╭─ Task material

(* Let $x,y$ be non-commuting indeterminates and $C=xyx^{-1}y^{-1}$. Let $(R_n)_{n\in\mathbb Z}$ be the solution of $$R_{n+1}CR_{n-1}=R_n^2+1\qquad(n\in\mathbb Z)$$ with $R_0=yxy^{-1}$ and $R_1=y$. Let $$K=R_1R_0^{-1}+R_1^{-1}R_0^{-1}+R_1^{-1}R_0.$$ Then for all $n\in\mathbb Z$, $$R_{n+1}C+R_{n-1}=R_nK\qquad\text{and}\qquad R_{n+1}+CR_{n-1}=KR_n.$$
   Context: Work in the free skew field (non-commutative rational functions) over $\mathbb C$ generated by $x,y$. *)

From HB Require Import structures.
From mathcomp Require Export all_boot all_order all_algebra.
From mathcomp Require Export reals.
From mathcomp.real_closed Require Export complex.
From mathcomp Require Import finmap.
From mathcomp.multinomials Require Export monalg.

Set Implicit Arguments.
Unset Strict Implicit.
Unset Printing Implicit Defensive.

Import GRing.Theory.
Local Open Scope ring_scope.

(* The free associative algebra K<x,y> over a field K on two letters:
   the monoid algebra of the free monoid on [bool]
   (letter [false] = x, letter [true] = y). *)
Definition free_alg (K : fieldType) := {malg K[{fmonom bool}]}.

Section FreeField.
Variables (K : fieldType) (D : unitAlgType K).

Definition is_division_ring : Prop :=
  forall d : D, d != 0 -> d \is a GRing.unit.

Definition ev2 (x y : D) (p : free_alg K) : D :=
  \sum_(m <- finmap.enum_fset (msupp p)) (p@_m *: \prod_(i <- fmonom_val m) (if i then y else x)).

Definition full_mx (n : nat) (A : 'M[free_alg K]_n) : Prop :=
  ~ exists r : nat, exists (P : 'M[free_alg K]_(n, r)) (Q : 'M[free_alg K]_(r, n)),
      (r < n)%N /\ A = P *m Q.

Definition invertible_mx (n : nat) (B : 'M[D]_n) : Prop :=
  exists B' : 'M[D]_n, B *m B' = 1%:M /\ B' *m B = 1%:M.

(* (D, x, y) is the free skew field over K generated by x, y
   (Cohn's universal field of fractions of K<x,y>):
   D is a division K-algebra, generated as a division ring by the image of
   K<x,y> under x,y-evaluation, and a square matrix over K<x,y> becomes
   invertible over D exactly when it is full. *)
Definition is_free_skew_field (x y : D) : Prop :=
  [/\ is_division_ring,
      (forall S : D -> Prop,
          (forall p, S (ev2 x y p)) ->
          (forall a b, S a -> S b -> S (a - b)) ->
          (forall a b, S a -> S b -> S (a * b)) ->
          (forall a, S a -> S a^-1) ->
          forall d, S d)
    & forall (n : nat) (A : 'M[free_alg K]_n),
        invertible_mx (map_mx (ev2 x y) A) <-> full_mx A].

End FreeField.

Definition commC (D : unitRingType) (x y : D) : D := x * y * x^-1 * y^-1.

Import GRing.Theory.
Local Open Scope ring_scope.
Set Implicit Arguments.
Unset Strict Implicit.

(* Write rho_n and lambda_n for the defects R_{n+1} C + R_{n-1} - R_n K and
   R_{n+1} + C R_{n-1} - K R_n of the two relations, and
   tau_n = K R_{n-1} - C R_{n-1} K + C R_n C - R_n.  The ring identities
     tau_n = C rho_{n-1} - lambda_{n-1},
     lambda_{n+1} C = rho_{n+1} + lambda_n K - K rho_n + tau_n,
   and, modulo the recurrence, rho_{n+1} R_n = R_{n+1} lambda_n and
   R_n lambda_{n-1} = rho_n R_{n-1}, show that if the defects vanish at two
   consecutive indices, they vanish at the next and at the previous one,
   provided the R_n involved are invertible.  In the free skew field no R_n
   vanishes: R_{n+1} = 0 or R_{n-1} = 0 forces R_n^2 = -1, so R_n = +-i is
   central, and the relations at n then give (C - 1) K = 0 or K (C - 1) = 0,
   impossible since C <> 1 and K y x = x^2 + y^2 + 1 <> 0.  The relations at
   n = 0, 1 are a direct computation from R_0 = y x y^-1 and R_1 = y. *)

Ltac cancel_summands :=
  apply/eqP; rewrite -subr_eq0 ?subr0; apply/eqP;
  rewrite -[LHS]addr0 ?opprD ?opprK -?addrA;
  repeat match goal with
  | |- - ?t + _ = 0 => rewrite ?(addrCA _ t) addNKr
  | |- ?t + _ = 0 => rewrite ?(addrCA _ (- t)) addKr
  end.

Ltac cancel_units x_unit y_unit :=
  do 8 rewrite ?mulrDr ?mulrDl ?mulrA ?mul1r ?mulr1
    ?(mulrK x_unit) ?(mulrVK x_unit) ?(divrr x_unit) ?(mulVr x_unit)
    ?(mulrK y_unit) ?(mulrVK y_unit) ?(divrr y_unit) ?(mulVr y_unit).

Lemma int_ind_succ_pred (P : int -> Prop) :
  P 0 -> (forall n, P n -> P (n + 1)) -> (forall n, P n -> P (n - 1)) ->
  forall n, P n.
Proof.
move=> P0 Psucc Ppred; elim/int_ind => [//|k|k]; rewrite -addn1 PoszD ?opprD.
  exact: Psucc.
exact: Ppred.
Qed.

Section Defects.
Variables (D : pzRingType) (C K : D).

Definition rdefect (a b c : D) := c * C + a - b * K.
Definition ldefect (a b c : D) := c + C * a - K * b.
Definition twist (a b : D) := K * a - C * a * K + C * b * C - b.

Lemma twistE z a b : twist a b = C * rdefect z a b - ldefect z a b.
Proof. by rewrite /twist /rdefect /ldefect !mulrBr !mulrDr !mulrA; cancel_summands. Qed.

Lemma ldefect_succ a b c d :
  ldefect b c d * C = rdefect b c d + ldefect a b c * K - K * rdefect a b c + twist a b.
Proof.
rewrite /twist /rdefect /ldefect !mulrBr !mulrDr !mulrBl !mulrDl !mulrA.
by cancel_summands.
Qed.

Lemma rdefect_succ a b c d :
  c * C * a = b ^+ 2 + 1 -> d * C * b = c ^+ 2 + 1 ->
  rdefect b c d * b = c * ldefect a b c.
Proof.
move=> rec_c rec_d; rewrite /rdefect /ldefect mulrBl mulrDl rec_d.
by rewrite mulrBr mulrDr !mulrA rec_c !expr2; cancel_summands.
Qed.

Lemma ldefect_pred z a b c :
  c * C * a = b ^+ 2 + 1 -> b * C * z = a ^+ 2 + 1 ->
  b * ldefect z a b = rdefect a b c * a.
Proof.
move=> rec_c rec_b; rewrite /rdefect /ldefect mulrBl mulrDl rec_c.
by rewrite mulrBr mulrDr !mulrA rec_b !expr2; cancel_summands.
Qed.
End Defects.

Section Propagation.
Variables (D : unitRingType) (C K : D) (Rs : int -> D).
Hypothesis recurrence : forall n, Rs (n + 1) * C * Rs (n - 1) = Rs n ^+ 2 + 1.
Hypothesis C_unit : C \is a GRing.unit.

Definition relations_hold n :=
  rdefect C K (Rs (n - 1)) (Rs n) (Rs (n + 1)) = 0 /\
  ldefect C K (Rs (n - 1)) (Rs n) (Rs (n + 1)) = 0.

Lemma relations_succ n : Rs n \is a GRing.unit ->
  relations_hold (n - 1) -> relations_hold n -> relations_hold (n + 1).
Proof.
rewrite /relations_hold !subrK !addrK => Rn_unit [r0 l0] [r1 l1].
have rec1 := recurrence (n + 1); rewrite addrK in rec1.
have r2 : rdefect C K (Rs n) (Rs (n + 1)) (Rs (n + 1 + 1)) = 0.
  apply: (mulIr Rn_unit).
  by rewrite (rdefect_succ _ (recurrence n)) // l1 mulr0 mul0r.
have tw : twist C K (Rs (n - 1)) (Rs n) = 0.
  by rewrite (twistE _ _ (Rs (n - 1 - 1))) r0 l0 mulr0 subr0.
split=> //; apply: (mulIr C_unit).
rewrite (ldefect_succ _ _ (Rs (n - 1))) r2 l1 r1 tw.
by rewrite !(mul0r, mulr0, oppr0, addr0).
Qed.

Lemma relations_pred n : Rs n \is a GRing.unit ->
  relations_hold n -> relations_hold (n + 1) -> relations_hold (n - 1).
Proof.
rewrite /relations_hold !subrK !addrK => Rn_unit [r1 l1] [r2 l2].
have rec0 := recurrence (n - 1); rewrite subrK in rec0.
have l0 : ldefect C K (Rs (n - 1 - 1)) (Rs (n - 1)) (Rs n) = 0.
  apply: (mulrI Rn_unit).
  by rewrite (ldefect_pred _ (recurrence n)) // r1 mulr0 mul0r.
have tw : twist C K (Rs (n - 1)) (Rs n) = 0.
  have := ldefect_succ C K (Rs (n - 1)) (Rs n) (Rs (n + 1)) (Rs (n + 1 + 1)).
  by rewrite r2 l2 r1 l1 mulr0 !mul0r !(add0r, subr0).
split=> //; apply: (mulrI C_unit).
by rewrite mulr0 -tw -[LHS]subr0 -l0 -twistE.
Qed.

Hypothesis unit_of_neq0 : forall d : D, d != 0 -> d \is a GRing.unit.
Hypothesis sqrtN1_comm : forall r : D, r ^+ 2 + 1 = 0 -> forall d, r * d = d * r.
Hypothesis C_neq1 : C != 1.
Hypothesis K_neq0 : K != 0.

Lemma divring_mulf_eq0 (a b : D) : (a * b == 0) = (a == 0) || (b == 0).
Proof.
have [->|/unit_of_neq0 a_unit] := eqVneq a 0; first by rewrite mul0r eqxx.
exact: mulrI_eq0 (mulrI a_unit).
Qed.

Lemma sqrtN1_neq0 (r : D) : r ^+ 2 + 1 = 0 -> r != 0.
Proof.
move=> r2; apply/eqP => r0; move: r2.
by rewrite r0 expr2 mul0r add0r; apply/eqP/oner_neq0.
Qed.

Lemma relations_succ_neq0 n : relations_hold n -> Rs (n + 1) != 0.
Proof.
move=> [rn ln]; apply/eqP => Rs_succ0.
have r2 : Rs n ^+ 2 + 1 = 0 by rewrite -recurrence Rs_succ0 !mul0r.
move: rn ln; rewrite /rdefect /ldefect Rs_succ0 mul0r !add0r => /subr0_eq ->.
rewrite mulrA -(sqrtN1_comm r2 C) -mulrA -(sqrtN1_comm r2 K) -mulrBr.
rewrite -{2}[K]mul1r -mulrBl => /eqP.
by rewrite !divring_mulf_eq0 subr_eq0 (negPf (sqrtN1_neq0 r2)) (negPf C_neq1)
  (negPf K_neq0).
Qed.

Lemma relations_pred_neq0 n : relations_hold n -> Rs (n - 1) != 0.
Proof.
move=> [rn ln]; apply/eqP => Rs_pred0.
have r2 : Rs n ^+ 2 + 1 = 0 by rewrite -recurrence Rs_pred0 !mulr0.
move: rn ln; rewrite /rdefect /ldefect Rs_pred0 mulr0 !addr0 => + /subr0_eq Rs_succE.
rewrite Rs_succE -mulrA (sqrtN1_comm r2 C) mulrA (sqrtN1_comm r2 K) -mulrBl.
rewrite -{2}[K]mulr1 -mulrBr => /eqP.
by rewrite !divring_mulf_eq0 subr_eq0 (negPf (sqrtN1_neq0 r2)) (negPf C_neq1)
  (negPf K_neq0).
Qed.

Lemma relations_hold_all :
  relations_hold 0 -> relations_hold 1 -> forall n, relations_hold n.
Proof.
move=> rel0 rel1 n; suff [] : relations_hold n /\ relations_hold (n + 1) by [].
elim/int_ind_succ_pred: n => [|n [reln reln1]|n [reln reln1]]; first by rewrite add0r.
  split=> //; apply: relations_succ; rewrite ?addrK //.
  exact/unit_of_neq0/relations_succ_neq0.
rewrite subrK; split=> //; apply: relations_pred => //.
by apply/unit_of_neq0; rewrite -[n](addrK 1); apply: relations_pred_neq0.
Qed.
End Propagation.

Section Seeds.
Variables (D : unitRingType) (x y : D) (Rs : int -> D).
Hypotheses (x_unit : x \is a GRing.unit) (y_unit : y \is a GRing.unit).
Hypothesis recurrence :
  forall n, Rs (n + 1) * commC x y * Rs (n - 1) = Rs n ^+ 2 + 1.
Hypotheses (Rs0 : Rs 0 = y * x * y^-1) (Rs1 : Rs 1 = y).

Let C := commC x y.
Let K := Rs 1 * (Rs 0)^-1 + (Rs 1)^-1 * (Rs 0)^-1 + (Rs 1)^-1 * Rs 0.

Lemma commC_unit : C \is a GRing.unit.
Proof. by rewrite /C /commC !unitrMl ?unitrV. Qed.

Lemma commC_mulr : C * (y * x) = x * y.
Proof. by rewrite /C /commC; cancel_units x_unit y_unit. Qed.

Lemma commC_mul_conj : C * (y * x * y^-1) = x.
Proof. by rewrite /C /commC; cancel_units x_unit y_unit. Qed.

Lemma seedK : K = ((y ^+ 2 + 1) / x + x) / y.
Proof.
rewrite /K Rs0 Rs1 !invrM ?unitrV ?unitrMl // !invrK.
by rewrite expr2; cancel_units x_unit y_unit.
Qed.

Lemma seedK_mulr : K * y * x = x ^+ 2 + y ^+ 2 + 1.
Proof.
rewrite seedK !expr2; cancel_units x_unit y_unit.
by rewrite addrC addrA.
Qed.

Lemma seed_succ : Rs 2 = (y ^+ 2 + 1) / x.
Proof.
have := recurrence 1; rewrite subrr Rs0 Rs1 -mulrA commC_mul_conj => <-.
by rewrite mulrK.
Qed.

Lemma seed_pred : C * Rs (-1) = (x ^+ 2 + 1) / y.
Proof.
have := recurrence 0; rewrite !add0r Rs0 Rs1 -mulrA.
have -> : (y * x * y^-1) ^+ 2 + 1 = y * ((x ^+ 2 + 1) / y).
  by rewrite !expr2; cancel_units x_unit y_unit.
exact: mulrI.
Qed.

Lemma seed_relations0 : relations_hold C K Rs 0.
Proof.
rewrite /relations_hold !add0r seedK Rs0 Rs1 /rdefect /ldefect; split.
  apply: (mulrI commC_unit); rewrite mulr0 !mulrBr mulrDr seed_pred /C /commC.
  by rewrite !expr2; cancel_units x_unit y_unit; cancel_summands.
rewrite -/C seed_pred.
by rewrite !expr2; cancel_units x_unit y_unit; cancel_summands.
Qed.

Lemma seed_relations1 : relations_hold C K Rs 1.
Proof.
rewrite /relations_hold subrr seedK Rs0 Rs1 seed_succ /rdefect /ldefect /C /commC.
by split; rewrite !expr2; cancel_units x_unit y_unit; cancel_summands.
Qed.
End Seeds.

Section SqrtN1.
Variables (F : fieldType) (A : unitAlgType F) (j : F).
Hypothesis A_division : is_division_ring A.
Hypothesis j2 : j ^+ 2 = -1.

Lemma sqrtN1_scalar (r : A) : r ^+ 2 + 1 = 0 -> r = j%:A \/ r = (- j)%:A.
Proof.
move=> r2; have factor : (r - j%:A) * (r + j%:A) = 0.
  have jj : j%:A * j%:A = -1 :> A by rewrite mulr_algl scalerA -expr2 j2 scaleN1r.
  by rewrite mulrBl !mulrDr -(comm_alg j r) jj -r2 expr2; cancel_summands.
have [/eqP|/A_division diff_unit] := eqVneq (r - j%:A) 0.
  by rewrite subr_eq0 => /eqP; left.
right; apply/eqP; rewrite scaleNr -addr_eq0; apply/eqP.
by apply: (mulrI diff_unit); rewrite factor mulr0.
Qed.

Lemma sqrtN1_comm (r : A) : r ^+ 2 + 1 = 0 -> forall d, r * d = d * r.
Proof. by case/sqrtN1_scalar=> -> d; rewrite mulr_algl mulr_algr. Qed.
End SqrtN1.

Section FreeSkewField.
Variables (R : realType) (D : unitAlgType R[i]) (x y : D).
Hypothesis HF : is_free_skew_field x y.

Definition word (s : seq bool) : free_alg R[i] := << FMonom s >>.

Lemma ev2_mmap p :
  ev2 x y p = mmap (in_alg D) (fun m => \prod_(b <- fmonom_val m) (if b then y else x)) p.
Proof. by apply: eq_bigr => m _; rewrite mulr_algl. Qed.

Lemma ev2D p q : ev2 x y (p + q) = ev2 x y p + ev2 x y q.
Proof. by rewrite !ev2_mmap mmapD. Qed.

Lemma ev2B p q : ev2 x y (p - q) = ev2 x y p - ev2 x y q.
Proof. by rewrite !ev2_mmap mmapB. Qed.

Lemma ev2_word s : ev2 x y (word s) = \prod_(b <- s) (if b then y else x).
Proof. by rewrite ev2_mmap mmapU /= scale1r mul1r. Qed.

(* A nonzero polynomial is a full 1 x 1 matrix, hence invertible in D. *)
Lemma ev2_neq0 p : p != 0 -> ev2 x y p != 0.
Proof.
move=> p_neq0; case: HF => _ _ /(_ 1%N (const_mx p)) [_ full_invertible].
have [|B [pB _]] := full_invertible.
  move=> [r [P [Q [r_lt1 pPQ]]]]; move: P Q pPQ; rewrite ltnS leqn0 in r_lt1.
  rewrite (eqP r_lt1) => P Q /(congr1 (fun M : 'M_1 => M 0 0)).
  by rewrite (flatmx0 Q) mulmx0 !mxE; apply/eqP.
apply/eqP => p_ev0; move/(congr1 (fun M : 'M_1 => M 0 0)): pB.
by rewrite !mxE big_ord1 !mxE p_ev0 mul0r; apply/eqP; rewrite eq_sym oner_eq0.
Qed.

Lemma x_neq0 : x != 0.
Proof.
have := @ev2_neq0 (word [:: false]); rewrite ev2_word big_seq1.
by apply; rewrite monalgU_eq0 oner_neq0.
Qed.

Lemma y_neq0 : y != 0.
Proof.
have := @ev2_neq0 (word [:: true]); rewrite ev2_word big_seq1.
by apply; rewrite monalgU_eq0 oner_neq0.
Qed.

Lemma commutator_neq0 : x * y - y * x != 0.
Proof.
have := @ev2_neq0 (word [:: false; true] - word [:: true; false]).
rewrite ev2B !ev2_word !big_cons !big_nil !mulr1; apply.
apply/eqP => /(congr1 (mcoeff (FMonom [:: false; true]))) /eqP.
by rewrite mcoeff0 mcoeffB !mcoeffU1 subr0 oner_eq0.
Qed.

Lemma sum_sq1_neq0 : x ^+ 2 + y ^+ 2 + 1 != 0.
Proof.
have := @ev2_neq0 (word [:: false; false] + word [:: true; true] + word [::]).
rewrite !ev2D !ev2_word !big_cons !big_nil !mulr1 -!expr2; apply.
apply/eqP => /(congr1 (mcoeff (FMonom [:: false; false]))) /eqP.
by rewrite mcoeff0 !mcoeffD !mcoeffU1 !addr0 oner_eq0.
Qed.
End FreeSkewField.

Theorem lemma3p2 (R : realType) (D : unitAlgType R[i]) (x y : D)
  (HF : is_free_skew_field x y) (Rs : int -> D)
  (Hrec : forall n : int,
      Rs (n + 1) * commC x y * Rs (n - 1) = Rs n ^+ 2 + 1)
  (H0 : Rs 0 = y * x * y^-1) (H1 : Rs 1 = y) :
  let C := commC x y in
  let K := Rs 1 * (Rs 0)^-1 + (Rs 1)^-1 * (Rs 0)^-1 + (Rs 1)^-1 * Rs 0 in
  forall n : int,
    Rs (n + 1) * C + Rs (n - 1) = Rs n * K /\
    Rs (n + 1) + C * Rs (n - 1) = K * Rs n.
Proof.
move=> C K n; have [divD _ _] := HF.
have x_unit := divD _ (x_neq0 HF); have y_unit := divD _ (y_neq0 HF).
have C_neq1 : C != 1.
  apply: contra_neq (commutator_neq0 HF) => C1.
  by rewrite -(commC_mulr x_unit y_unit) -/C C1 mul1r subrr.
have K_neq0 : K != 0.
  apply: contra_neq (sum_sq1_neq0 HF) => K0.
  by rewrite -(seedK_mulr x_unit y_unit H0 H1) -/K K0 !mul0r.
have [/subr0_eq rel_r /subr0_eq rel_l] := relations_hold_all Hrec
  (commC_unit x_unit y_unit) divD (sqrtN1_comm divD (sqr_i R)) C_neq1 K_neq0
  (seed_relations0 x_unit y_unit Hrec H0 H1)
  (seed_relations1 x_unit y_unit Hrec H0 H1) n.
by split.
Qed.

╰─

# Exercise
Retype exactly the lines of the data above that fall between the line with "R_n = +-i is" and the line with "rewrite ?(addrCA _ t) addNKr", inclusive, and add nothing.

# Finished task
   vanishes: R_{n+1} = 0 or R_{n-1} = 0 forces R_n^2 = -1, so R_n = +-i is
   central, and the relations at n then give (C - 1) K = 0 or K (C - 1) = 0,
   impossible since C <> 1 and K y x = x^2 + y^2 + 1 <> 0.  The relations at
   n = 0, 1 are a direct computation from R_0 = y x y^-1 and R_1 = y. *)

Ltac cancel_summands :=
  apply/eqP; rewrite -subr_eq0 ?subr0; apply/eqP;
  rewrite -[LHS]addr0 ?opprD ?opprK -?addrA;
  repeat match goal with
  | |- - ?t + _ = 0 => rewrite ?(addrCA _ t) addNKr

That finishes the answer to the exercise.